Exercise brief:
Locate the lines of the listing below that hold "apply", then copy each of them.

Data in this exercise:
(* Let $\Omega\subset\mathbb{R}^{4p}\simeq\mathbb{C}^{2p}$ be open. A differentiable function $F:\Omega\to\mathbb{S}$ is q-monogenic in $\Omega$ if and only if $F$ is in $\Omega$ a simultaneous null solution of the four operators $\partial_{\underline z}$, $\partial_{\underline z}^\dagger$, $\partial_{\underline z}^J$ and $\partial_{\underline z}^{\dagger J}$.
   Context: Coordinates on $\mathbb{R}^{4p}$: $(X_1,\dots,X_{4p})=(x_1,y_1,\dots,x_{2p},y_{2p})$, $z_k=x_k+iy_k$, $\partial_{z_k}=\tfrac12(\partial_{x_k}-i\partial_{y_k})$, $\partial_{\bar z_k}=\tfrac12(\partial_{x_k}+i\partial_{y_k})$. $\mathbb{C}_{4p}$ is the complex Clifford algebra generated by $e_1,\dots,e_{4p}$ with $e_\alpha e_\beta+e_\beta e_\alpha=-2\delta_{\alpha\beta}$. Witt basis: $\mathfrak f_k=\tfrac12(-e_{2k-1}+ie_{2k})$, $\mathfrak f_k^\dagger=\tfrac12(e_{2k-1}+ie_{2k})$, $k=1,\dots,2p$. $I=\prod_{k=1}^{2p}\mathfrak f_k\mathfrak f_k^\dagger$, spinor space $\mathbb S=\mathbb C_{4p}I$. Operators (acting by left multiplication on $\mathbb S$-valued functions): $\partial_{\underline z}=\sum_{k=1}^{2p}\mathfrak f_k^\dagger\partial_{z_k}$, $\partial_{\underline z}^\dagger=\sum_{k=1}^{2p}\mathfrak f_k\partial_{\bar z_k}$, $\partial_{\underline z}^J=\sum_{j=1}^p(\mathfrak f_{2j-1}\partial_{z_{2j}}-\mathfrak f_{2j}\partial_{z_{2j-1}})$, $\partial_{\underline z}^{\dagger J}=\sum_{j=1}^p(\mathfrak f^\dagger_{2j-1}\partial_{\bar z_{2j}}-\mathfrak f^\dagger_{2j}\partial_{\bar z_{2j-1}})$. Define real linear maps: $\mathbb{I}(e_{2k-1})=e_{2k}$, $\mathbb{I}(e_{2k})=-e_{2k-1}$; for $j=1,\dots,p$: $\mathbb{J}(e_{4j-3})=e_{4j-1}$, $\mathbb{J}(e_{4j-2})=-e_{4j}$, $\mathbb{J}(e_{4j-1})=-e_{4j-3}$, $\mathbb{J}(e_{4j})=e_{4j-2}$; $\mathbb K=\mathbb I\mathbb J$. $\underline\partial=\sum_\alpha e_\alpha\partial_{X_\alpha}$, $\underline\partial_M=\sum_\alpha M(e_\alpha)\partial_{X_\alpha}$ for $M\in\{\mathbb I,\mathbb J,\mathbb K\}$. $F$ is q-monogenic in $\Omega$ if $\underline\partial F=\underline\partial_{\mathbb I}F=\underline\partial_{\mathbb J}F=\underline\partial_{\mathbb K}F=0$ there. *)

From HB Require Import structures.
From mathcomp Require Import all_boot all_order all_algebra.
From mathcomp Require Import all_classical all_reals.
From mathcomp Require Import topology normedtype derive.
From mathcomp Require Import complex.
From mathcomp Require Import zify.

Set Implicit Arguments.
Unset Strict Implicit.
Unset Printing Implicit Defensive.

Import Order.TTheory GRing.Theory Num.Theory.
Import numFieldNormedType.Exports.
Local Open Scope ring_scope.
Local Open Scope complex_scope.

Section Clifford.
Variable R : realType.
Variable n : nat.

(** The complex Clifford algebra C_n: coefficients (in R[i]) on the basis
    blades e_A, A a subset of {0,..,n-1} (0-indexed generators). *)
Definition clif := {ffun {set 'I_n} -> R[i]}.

* * *

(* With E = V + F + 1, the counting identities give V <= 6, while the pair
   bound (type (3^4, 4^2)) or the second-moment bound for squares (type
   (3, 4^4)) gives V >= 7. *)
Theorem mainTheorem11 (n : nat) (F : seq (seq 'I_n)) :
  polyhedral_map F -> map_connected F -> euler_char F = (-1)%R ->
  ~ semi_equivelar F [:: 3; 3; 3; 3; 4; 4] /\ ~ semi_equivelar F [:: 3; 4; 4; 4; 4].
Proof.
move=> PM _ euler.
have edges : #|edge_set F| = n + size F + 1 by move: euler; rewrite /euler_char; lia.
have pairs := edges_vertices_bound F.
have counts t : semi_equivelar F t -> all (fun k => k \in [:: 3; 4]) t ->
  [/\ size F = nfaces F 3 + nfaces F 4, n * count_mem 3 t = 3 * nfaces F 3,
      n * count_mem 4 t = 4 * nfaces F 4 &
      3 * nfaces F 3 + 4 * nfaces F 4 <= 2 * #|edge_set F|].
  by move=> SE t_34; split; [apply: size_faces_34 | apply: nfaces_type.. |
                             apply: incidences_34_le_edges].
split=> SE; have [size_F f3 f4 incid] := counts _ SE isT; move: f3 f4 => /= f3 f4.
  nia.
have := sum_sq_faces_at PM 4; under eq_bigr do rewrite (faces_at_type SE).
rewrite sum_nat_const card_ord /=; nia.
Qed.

Final answer:
  by move=> SE t_34; split; [apply: size_faces_34 | apply: nfaces_type.. |
                             apply: incidences_34_le_edges].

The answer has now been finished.